Run EasyVVUQ analysis on a remote machine

  1. To execute sensitivy analysis on a remote machine, simply run:

    fab <remote_machine_name> run_flee_easyvvuq:‘country1(;countryN)’,simulation_periods=‘day1(;dayN)’
    
  2. Run the following command to copy back results from the remote machine. The results will then be in a directory inside (FabSim3 Home)/results, which is most likely called <conflict_name><remote_machine_name> (e.g. mali_eagle_vecma_16):

    fab <remote_machine_name> fetch_results
    
  3. To analyse results, simply run:

    fab localhost analyse_flee_easyvvuq:‘country1(;countryN)’
    

    NOTE: Analysis of the obtained results are performed on localhost.

Run EasyVVUQ analysis on a remote machine using QCG-Pilot Job

For QCG-PilotJob installation, see https://github.com/vecma-project/QCG-PilotJob/blob/master/INSTALL.txt

Note: If QCG-PJ is installed in the target remote machine, by using PJ=True, the native QCG-PilotJob will be launched for execution. Otherwise you require to install the QCG-PilotJob service in a virtual environment (venv) in the target machine, and then PJ=True option will load QCG-PJ services from venv.

  1. To execute EasyVVUQ for migration prediction using Pilot Job, run:

    fab <remote machine name> run_flee_easyvvuq:‘country1(;countryN)’(,simulation_periods=‘day1(;dayN)’),PJ=True
    
  2. Run the following command to copy back results from the remote machine. The results will then be in a directory inside (FabSim3 Home)/results, which is most likely called <conflict_name><remote_machine_name> (e.g. mali_eagle_vecma_16):

    fab <remote machine name> fetch_results
    
  3. To analyse results, simply run:

    fab localhost analyse_flee_easyvvuq:‘country1(;countryN)’
    

    NOTE: Analysis of the obtained results are performed on localhost.

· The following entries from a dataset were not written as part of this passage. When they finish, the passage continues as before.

Lemma odds_lt_1 g : 0 < g < 1 / 2 -> 0 < g / (1 - g) < 1.
Proof.
  intros Hg. split; [apply Rdiv_lt_0_compat; lra|].
  apply (Rmult_lt_reg_r (1 - g)); [lra|]. unfold Rdiv. rewrite Rmult_assoc, Rinv_l; lra.
Qed.

Definition lnF (n : nat) (g x : R) : R := ln ((1 + x) ^ n + (1 - x) ^ n) - INR n * g * ln x.

Lemma Fobj_lnF n g x : 0 < x < 1 -> Fobj (INR n) g x = lnF n g x / ln 2 - 1.
Proof.
  intros Hx. unfold Fobj, lnF, log2. rewrite !Rpower_pow by lra.
  pose proof ln2_pos. field. lra.
Qed.

Lemma binom_pair_ge1 n x : 0 < x < 1 -> 1 <= (1 + x) ^ n + (1 - x) ^ n.
Proof.
  intros Hx. pose proof (pow_R1_Rle (1 + x) n ltac:(lra)).
  pose proof (pow_le (1 - x) n ltac:(lra)). lra.
Qed.

Lemma lnF_continuous n g x : 0 < x < 1 -> continuity_pt (lnF n g) x.
Proof.
  intros Hx. unfold lnF.
  assert (Hln : forall y, 0 < y -> continuity_pt ln y)
    by (intros y Hy; apply derivable_continuous_pt; exists (/ y); now apply derivable_pt_lim_ln).
  reg; apply Hln; [lra |]. pose proof (binom_pair_ge1 n x Hx). lra.
Qed.

Lemma lnF_ge_near0 n g x : 0 < x < 1 -> - (INR n * g * ln x) <= lnF n g x.
Proof.
  intros Hx. unfold lnF.
  assert (0 <= ln ((1 + x) ^ n + (1 - x) ^ n))
    by (rewrite <- ln_1; apply ln_le; [lra | now apply binom_pair_ge1]).
  lra.
Qed.

Lemma lnF_ge_near1 n g x : 0 <= g -> 0 < x < 1 -> INR n * ln (1 + x) <= lnF n g x.
Proof.
  intros Hg Hx. unfold lnF. rewrite <- ln_pow by lra.
  assert (ln ((1 + x) ^ n) <= ln ((1 + x) ^ n + (1 - x) ^ n)).
  { apply ln_le; [apply pow_lt; lra|]. pose proof (pow_le (1 - x) n ltac:(lra)). lra. }
  assert (0 <= INR n * g * - ln x).
  { pose proof (ln_lt_0 x Hx). pose proof (pos_INR n).
    apply Rmult_le_pos; [apply Rmult_le_pos|]; lra. }
  lra.
Qed.

(* lnF n g tends to n ln 2 at 1, and its slope there is n (1/2 - g) > 0. *)
Lemma lnF_lt_near1 n g : (2 <= n)%nat -> 0 < g < 1 / 2 ->
  exists x, 0 < x < 1 /\ lnF n g x < INR n * ln 2.
Proof.
  intros Hn Hg. set (e := (1 / 2 - g) / 2).
  assert (He : 0 < e < 1 / 4) by (unfold e; lra).
  exists (1 - e). split; [lra|].
  assert (HnR : 2 <= INR n) by (replace 2 with (INR 2) by (simpl; ring); now apply le_INR).
  unfold lnF. replace (1 + (1 - e)) with (2 - e) by ring. replace (1 - (1 - e)) with e by ring.
  assert (Hsum : ln ((2 - e) ^ n + e ^ n) <= INR n * ln (2 - e) + e ^ 2).
  { assert (Hen : e ^ n <= e ^ 2).
    { replace n with (2 + (n - 2))%nat by lia. rewrite pow_add.
      pose proof (pow_le e (n - 2) ltac:(lra)). pose proof (pow_incr e 1 (n - 2) ltac:(lra)).
      rewrite pow1 in *. assert (0 < e ^ 2) by (apply pow_lt; lra). nra. }
    assert (H2e : 1 <= (2 - e) ^ n) by (apply pow_R1_Rle; lra).
    assert (Hpos : 0 < (2 - e) ^ n + e ^ n) by (pose proof (pow_lt e n ltac:(lra)); lra).
    assert (Hle : (2 - e) ^ n + e ^ n <= (2 - e) ^ n * (1 + e ^ 2)) by nra.
    apply ln_le in Hle; [|exact Hpos].
    rewrite ln_mult, ln_pow in Hle by (try apply pow_lt; simpl; nra).
    pose proof (ln_le_sub1 (1 + e ^ 2) ltac:(simpl; nra)). lra. }
  assert (Hln2e : ln (2 - e) <= ln 2 - e / 2).
  { replace (2 - e) with (2 * (1 - e / 2)) by field. rewrite ln_mult by lra.
    pose proof (ln_le_sub1 (1 - e / 2) ltac:(lra)). lra. }
  assert (Hln1e : - ln (1 - e) <= e / (1 - e)).
  { rewrite <- ln_Rinv by lra.
    pose proof (ln_le_sub1 (/ (1 - e)) ltac:(apply Rinv_0_lt_compat; lra)).
    replace (e / (1 - e)) with (/ (1 - e) - 1) by (field; lra). lra. }
  assert (Hslope : INR n * g * (e / (1 - e)) < INR n * (e / 2) - e ^ 2).
  { replace (INR n * g * (e / (1 - e))) with (INR n * g * e / (1 - e)) by (field; lra).
    apply (Rmult_lt_reg_r (1 - e)); [lra|].
    unfold Rdiv. rewrite Rmult_assoc, Rinv_l, Rmult_1_r by lra.
    replace g with (1 / 2 - 2 * e) by (unfold e; lra). simpl. nra. }
  assert (INR n * g * - ln (1 - e) <= INR n * g * (e / (1 - e)))
    by (apply Rmult_le_compat_l; [apply Rmult_le_pos|]; lra).
  nra.
Qed.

The execution of sensitivity analysis using a conflict scenario

For 1 country scenario:

fab localhost/<remote machine name> run_flee_easyvvuq:‘mali’,simulation_periods=‘300’
fab localhost/<remote machine name> fetch_results
fab localhost analyse_flee_easyvvuq:mali

For 2 or more countries:

fab localhost/<remote machine name> run_flee_easyvvuq:‘mali;burundi’,simulation_periods=‘300;396’
fab localhost/<remote machine name> fetch_results
fab localhost analyse_flee_easyvvuq:mali,burundi

Acknowledgements

This work was supported by the VECMA and HiDALGO projects, which have received funding from the European Union Horizon 2020 research and innovation programme under grant agreements No 800925 and 824115.